[Stored data]
=== Section Start ===
(* There is a universal constant $C$ such that for every prime $p$, every positive integer $k$, every $\epsilon\in(0,1)$, and every $g\in\mathbb{Z}_p$, there is a $k$-party, one-round protocol using public randomness for the Sum-Equal problem over $\mathbb{Z}_p$ relative to $g$, with error at most $\epsilon$ and total communication complexity at most $k\log(k/\epsilon)+C\cdot k$.
   Context: Model: parties $P_1,\dots,P_k$ each hold an input $x_i\in\mathbb{Z}_p$; a coordinator (distinct from the parties) wants to compute $f(x_1,\dots,x_k)$. In a one-round protocol with public randomness, a random string $r$ is shared by all parties and the coordinator; each party sends a single message, depending only on its own input and $r$, to the coordinator, who outputs a value depending only on the received messages and $r$; there is no other communication. The protocol has error at most $\epsilon$ if for every input $(x_1,\dots,x_k)$ the probability over $r$ that the output differs from $f(x_1,\dots,x_k)$ is at most $\epsilon$. Total communication complexity is the maximum total number of bits sent by all parties. Sum-Equal relative to $g$: $f(x_1,\dots,x_k)=1$ if $\sum_i x_i\equiv g\pmod p$ and $0$ otherwise. $\log$ is base 2. *)

From HB Require Import structures.
From mathcomp Require Import all_boot all_order all_algebra.
From mathcomp Require Import reals exp.
Set Implicit Arguments. Unset Strict Implicit. Unset Printing Implicit Defensive.
Import Order.TTheory GRing.Theory Num.Theory.
Local Open Scope ring_scope.

(* Party i sends msg i x_i r (a bit string depending only
   on its own input and r); the coordinator outputs out m r where m i is the
   message received from party i. *)
Record protocol (p k : nat) (Rnd : finType) := Protocol {
  msg : 'I_k -> 'Z_p -> Rnd -> seq bool;
  out : ('I_k -> seq bool) -> Rnd -> bool }.

Definition run (p k : nat) (Rnd : finType) (P : protocol p k Rnd)
  (x : 'I_k -> 'Z_p) (r : Rnd) : bool :=
  out P (fun i => msg P i (x i) r) r.

Definition sum_equal (p k : nat) (g : 'Z_p) (x : 'I_k -> 'Z_p) : bool :=
  (\sum_(i < k) x i) == g.

Definition error_prob {R : realType} (p k : nat) (Rnd : finType)
  (P : protocol p k Rnd) (f : ('I_k -> 'Z_p) -> bool) (x : 'I_k -> 'Z_p) : R :=
  #|[set r : Rnd | run P x r != f x]|%:R / #|Rnd|%:R.

Definition error_at_most {R : realType} (p k : nat) (Rnd : finType)
  (P : protocol p k Rnd) (f : ('I_k -> 'Z_p) -> bool) (eps : R) : Prop :=
  (0 < #|Rnd|)%N /\ forall x : 'I_k -> 'Z_p, error_prob P f x <= eps.

Definition total_comm_at_most {R : realType} (p k : nat) (Rnd : finType)
  (P : protocol p k Rnd) (b : R) : Prop :=
  forall (x : 'I_k -> 'Z_p) (r : Rnd),
    ((\sum_(i < k) size (msg P i (x i) r))%:R : R) <= b.

Definition log2 (R : realType) (x : R) : R := ln x / ln 2.

From HB Require Import structures.
From mathcomp Require Import all_boot all_order all_algebra.
From mathcomp Require Import reals exp.
From mathcomp Require Import zify lra.
Import Order.TTheory GRing.Theory Num.Theory.
Set Implicit Arguments. Unset Strict Implicit. Unset Printing Implicit Defensive.

(* The parties multiply their inputs, shifted by -g at party 0, by a shared
   random a in 1..p-1, so that the masked values y_i satisfy
   sum y_i = a (sum x_i - g) mod p, and each sends floor(y_i 2^b / p) in b bits.
   The coordinator sees sum y_i 2^b / p up to an additive error below k.  If
   sum x_i = g, sum y_i is a multiple of p and the coordinator always accepts.
   Otherwise a (sum x_i - g) mod p is a uniformly random nonzero residue, and
   acceptance forces it within k p / 2^b of 0 modulo p, which happens for at
   most 2 k p / 2^b values of a.  Taking b = floor(log2 (k/eps)) + 3 gives error
   at most eps with k b bits in total. *)

Fixpoint bits (b q : nat) : seq bool :=
  if b is b'.+1 then odd q :: bits b' q./2 else [::].

Fixpoint nat_of_bits (s : seq bool) : nat :=
  if s is c :: s' then c + (nat_of_bits s').*2 else 0.

Lemma size_bits b q : size (bits b q) = b.
Proof. by elim: b q => //= b IHb q; rewrite IHb. Qed.

Lemma bitsK b q : q < 2 ^ b -> nat_of_bits (bits b q) = q.
Proof.
elim: b q => [|b IHb] q /=; first by case: q.
rewrite expnS => q_lt; rewrite IHb ?odd_double_half //.
have := odd_double_half q; lia.
Qed.

Lemma card_le_inj_range (T : finType) (A : {pred T}) (h : T -> nat) m :
  {in A &, injective h} -> {in A, forall t, 0 < h t <= m} -> #|A| <= m.
Proof.
move=> h_inj h_range; rewrite cardE -(size_map h) -(size_iota 1 m).
apply: uniq_leq_size.
  by rewrite map_inj_in_uniq ?enum_uniq // => s t; rewrite !mem_enum; apply: h_inj.
move=> n /mapP [t]; rewrite mem_enum => /h_range t_range ->; rewrite mem_iota; lia.
Qed.

Lemma modn_mull_inj p d a b : prime p -> ~~ (p %| d) -> a < p -> b < p ->
  a * d = b * d %[mod p] -> a = b.
Proof.
move=> p_prime d_ndvd; wlog le_ab : a b / a <= b.
  by move=> W ha hb e; case: (leqP a b) => [|/ltnW] h; [|symmetry]; apply: W.
move=> _ b_lt /eqP; rewrite eq_sym eqn_mod_dvd ?leq_mul2r ?le_ab ?orbT //.
rewrite -mulnBl Euclid_dvdM // (negbTE d_ndvd) orbF.
case: (posnP (b - a)) => [|ba_gt0 /(dvdn_leq ba_gt0)]; lia.
Qed.

Lemma modn_mull_gt0 p d a : prime p -> ~~ (p %| d) -> 0 < a -> a < p ->
  0 < (a * d) %% p.
Proof.
move=> p_prime d_ndvd a_gt0 a_lt; rewrite lt0n; apply: contra d_ndvd => /eqP mod0.
have : p %| a * d by rewrite /dvdn mod0.
by rewrite Euclid_dvdM // => /orP [/dvdn_leq|//]; lia.
Qed.

Lemma modn_le_subn S j p : j * p <= S -> S %% p <= S - j * p.
Proof. by move=> le_jpS; rewrite -{1}(subnKC le_jpS) modnMDl leq_mod. Qed.

Lemma subn_modn_le S j p : S < j * p -> p - S %% p <= j * p - S.
Proof.
move=> lt_Sjp; have p_gt0 : 0 < p by case: p lt_Sjp; rewrite ?muln0.
have : p %| S %% p + (j * p - S).
  by rewrite /dvdn modnDml subnKC ?modnMl // ltnW.
move=> /dvdn_leq; have := ltn_pmod S p_gt0; lia.
Qed.

Lemma sum_divn_bounds k (f : 'I_k -> nat) p : 0 < p ->
  (\sum_i f i %/ p) * p <= \sum_i f i /\
  \sum_i f i + k <= (\sum_i f i %/ p + k) * p.
Proof.
move=> p_gt0; split; first by rewrite big_distrl; apply: leq_sum => i _; apply: leq_divM.
have sum_const c : k * c = \sum_(i < k) c by rewrite sum_nat_const card_ord.
rewrite mulnDl big_distrl -[X in _ + X]muln1 sum_const sum_const -!big_split /=.
by apply: leq_sum => i _; rewrite addn1 -mulSnr ltn_ceil.
Qed.

Definition has_multiple_in (M lo n : nat) : bool :=
  has (fun j => lo <= j * M < lo + n) (iota 0 (lo + n)).

Lemma has_multiple_inP M lo n : 0 < M ->
  reflect (exists j, lo <= j * M < lo + n) (has_multiple_in M lo n).
Proof.
move=> M_gt0; apply: (iffP hasP) => [[j _ hj]|[j hj]]; first by exists j.
exists j => //; rewrite mem_iota add0n.
by apply: leq_ltn_trans (leq_pmulr j M_gt0) _; case/andP: hj.
Qed.

Section Window.

Variables (p M n Q S : nat).
Hypotheses (lo_SM : Q * p <= S * M) (SM_hi : S * M < (Q + n) * p).

Lemma divn_mul_in_window : 0 < p -> p %| S -> Q <= S %/ p * M < Q + n.
Proof.
move=> p_gt0 /divnK S_eq; move: lo_SM SM_hi.
rewrite -{1 2}S_eq mulnAC -[Q <= _](leq_pmul2r p_gt0) -[_ < Q + n](ltn_pmul2r p_gt0).
by move=> -> ->.
Qed.

Lemma modn_near_of_window j : Q <= j * M < Q + n ->
  S %% p * M < n * p \/ (p - S %% p) * M < n * p.
Proof.
case/andP=> lo_jM jM_hi.
have lo_jpM : Q * p <= j * p * M by rewrite mulnAC leq_mul2r lo_jM orbT.
have jpM_hi : j * p * M < (Q + n) * p.
  by rewrite mulnAC ltn_pmul2r //; case: p lo_SM SM_hi => //; rewrite !muln0.
move: SM_hi jpM_hi; rewrite mulnDl => SM_hi' jpM_hi.
case: (leqP (j * p) S) => [le_jpS|lt_Sjp]; [left|right].
- apply: leq_ltn_trans (leq_mul (modn_le_subn le_jpS) (leqnn M)) _.
  by rewrite mulnBl; lia.
- apply: leq_ltn_trans (leq_mul (subn_modn_le lt_Sjp) (leqnn M)) _.
  by rewrite mulnBl; lia.
Qed.

End Window.

Lemma sum_equalE p k (g : 'Z_p) (x : 'I_k -> 'Z_p) : 1 < p ->
  sum_equal g x = (p %| \sum_i (x i : nat) + (p - g)).
Proof.
move=> p_gt1; have g_lt : (g : nat) < p by rewrite -[p in _ < p]Zp_cast ?ltn_ord.
rewrite /sum_equal -subr_eq0.
have -> : (\sum_i x i - g = (\sum_i (x i : nat) + (p - g))%:R)%R.
  rewrite natrD (natrB _ (ltnW g_lt)) (pchar_Zp p_gt1) sub0r natr_sum.
  by rewrite (eq_bigr _ (fun i _ => natr_Zp (x i))) natr_Zp.
by rewrite -(inj_eq val_inj) /= val_Zp_nat.
Qed.

Lemma sum_indicator_ord0 k c : 0 < k -> \sum_(i < k) (i == 0 :> nat) * c = c.
Proof. by case: k => // k _; rewrite big_ord_recl big1 ?addn0 /= ?mul1n. Qed.

Definition masked_input p k (g : 'Z_p) (a : nat) (i : 'I_k) (xi : 'Z_p) : nat :=
  (a * (xi + (i == 0 :> nat) * (p - g))) %% p.

(* The random string r encodes the multiplier a = r + 1. *)
Definition sum_equal_protocol p k b (g : 'Z_p) : protocol p k 'I_p.-1 :=
  Protocol (fun i xi (r : 'I_p.-1) => bits b (masked_input g r.+1 i xi * 2 ^ b %/ p))
           (fun m _ => has_multiple_in (2 ^ b) (\sum_i nat_of_bits (m i)) k).

Section SumEqualProtocol.

Variables (p k b : nat) (g : 'Z_p) (x : 'I_k -> 'Z_p).
Hypotheses (p_prime : prime p) (k_gt0 : 0 < k).

Let p_gt1 : 1 < p := prime_gt1 p_prime.
Let p_gt0 : 0 < p := prime_gt0 p_prime.
Let M_gt0 : 0 < 2 ^ b := expn_gt0 2 b.
Let D := \sum_i (x i : nat) + (p - g).
Let S (r : 'I_p.-1) := \sum_i masked_input g r.+1 i (x i).
Let Q (r : 'I_p.-1) := \sum_i (masked_input g r.+1 i (x i) * 2 ^ b %/ p).

Lemma run_sum_equal_protocol r :
  run (sum_equal_protocol k b g) x r = has_multiple_in (2 ^ b) (Q r) k.
Proof.
congr has_multiple_in; apply: eq_bigr => i _ /=.
by rewrite bitsK // ltn_divLR // mulnC ltn_pmul2l // ltn_pmod.
Qed.

Lemma masked_sum_window r : Q r * p <= S r * 2 ^ b /\ S r * 2 ^ b < (Q r + k) * p.
Proof.
have [lo hi] := sum_divn_bounds (fun i => masked_input g r.+1 i (x i) * 2 ^ b) p_gt0.
have -> : S r * 2 ^ b = \sum_i masked_input g r.+1 i (x i) * 2 ^ b by rewrite big_distrl.
by split=> //; apply: leq_trans _ hi; rewrite -addn1 leq_add2l.
Qed.

Lemma masked_sum_mod r : S r %% p = (r.+1 * D) %% p.
Proof.
by rewrite /S /masked_input modn_summ -big_distrr big_split /= sum_indicator_ord0.
Qed.

Lemma sum_equal_protocol_accepts_yes r : p %| D -> run (sum_equal_protocol k b g) x r.
Proof.
move=> D_dvd; have [lo hi] := masked_sum_window r.
have S_dvd : p %| S r by rewrite /dvdn masked_sum_mod -modnMmr (eqP D_dvd) muln0 mod0n.
rewrite run_sum_equal_protocol; apply/has_multiple_inP => //.
by exists (S r %/ p); apply: divn_mul_in_window.
Qed.

Lemma sum_equal_protocol_accepts_near r : run (sum_equal_protocol k b g) x r ->
  (r.+1 * D) %% p <= k * p %/ 2 ^ b \/ p - (r.+1 * D) %% p <= k * p %/ 2 ^ b.
Proof.
rewrite run_sum_equal_protocol => /has_multiple_inP-/(_ M_gt0) [j in_window].
have [lo hi] := masked_sum_window r.
rewrite !leq_divRL // -masked_sum_mod.
by case: (modn_near_of_window lo hi in_window) => /ltnW; [left|right].
Qed.

Lemma sum_equal_protocol_error_card :
  #|[set r | run (sum_equal_protocol k b g) x r != sum_equal g x]| <=
  2 * (k * p %/ 2 ^ b).
Proof.
rewrite sum_equalE // -/D; have [D_dvd|D_ndvd] := boolP (p %| D).
  rewrite (_ : [set r | _] = set0) ?cards0 //; apply/setP => r.
  by rewrite !inE sum_equal_protocol_accepts_yes.
set m := k * p %/ 2 ^ b; pose h (r : 'I_p.-1) := (r.+1 * D) %% p.
have a_lt (r : 'I_p.-1) : r.+1 < p by have := ltn_ord r; lia.
have h_range r : 0 < h r < p.
  by rewrite /h ltn_pmod // andbT (modn_mull_gt0 p_prime D_ndvd _ (a_lt r)).
have h_inj : injective h.
  by move=> r s /(modn_mull_inj p_prime D_ndvd (a_lt r) (a_lt s)) [] /val_inj.
apply: leq_trans (_ : #|[pred r | h r <= m]| + #|[pred r | p - h r <= m]| <= _).
  rewrite -cardUI; apply: leq_trans (leq_addr _ _); apply: subset_leq_card.
  by apply/subsetP => r; rewrite !inE eqbF_neg negbK => /sum_equal_protocol_accepts_near/orP.
rewrite mul2n -addnn; apply: leq_add.
  apply: (@card_le_inj_range _ _ h) => [r s _ _|r]; first exact: h_inj.
  by rewrite inE => ->; case/andP: (h_range r) => ->.
apply: (@card_le_inj_range _ _ (fun r => p - h r)) => [r s _ _ /= e|r].
  by apply: h_inj; have := h_range r; have := h_range s; lia.
by rewrite inE => ->; have := h_range r; lia.
Qed.

End SumEqualProtocol.

Local Open Scope ring_scope.

Lemma lt_exp2_truncn_log2 (R : realType) (y : R) :
  0 < y -> y < 2 ^+ (Num.truncn (log2 y)).+1.
Proof.
move=> y_gt0; have ln2_gt0 : 0 < ln (2 : R) by rewrite ln_gt0 // ltr1n.
rewrite -(ltr_ln (x := y)) ?posrE ?exprn_gt0 // lnXn // -[ln 2 *+ _]mulr_natr.
by rewrite mulrC -ltr_pdivrMr // -truncn_le_nat.
Qed.

Lemma sum_equal_protocol_error (R : realType) p k b (g : 'Z_p) (eps : R) :
  prime p -> (0 < k)%N -> 4 * k%:R <= eps * 2 ^+ b ->
  error_at_most (sum_equal_protocol k b g) (sum_equal g) eps.
Proof.
move=> p_prime k_gt0 k_le; have p_gt1 := prime_gt1 p_prime.
split=> [|x]; first by rewrite card_ord; lia.
move: (sum_equal_protocol_error_card b g x p_prime k_gt0); set B := #|_| => B_le.
have B_le_nat : (B * 2 ^ b <= 4 * k * p.-1)%N.
  apply: leq_trans (_ : 2 * (k * p %/ 2 ^ b) * 2 ^ b <= _)%N.
    by rewrite leq_mul2r B_le orbT.
  rewrite -mulnA; apply: leq_trans (leq_mul (leqnn 2) (leq_divM _ _)) _; nia.
have p_pred_gt0 : 0 < p.-1%:R :> R by rewrite ltr0n; lia.
have exp2_gt0 : 0 < 2 ^+ b :> R by rewrite exprn_gt0.
rewrite /error_prob card_ord ler_pdivrMr // -(ler_pM2r exp2_gt0).
apply: le_trans (_ : 4 * k%:R * p.-1%:R <= _).
  by rewrite -natrX -!natrM ler_nat.
by rewrite [leRHS]mulrAC ler_pM2r.
Qed.

Lemma sum_equal_protocol_comm (R : realType) p k b (g : 'Z_p) (c : R) :
  (k * b)%:R <= c -> total_comm_at_most (sum_equal_protocol k b g) c.
Proof.
move=> kb_le x r; rewrite (eq_bigr (fun=> b)) => [|i _]; last by rewrite /= size_bits.
by rewrite sum_nat_const card_ord.
Qed.

Theorem theorem4p3 (R : realType) :
  exists C : R,
    forall (p k : nat) (eps : R) (g : 'Z_p),
      prime p -> (0 < k)%N -> 0 < eps -> eps < 1 ->
      exists (Rnd : finType) (P : protocol p k Rnd),
        error_at_most P (sum_equal g) eps /\
        total_comm_at_most P (k%:R * log2 (k%:R / eps) + C * k%:R).
Proof.
exists 3 => p k eps g p_prime k_gt0 eps_gt0 eps_lt1.
set L := log2 _; set n := Num.truncn L.
have k_gt0R : 0 < k%:R :> R by rewrite ltr0n.
have L_ge0 : 0 <= L.
  apply: divr_ge0; apply: ln_ge0; rewrite ?ler1n // ler_pdivlMr // mul1r.
  by rewrite (le_trans (ltW eps_lt1)) // ler1n.
exists 'I_p.-1, (sum_equal_protocol k n.+3 g); split.
  apply: sum_equal_protocol_error => //.
  have := lt_exp2_truncn_log2 (divr_gt0 k_gt0R eps_gt0).
  rewrite -/L -/n ltr_pdivrMr // (exprS _ n.+2) (exprS _ n.+1).
  by move: (2 ^+ n.+1) => X; lra.
apply: sum_equal_protocol_comm.
rewrite natrM -addn3 natrD mulrDr [_ * 3]mulrC.
by rewrite lerD2r ler_wpM2l ?ler0n // truncn_le.
Qed.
=== Section End ===
◆ **About this exercise**
Using the records above, filter out every line that lacks the string "Fixpoint" and copy the rest.

◆ **Exercise output**
Fixpoint bits (b q : nat) : seq bool :=
Fixpoint nat_of_bits (s : seq bool) : nat :=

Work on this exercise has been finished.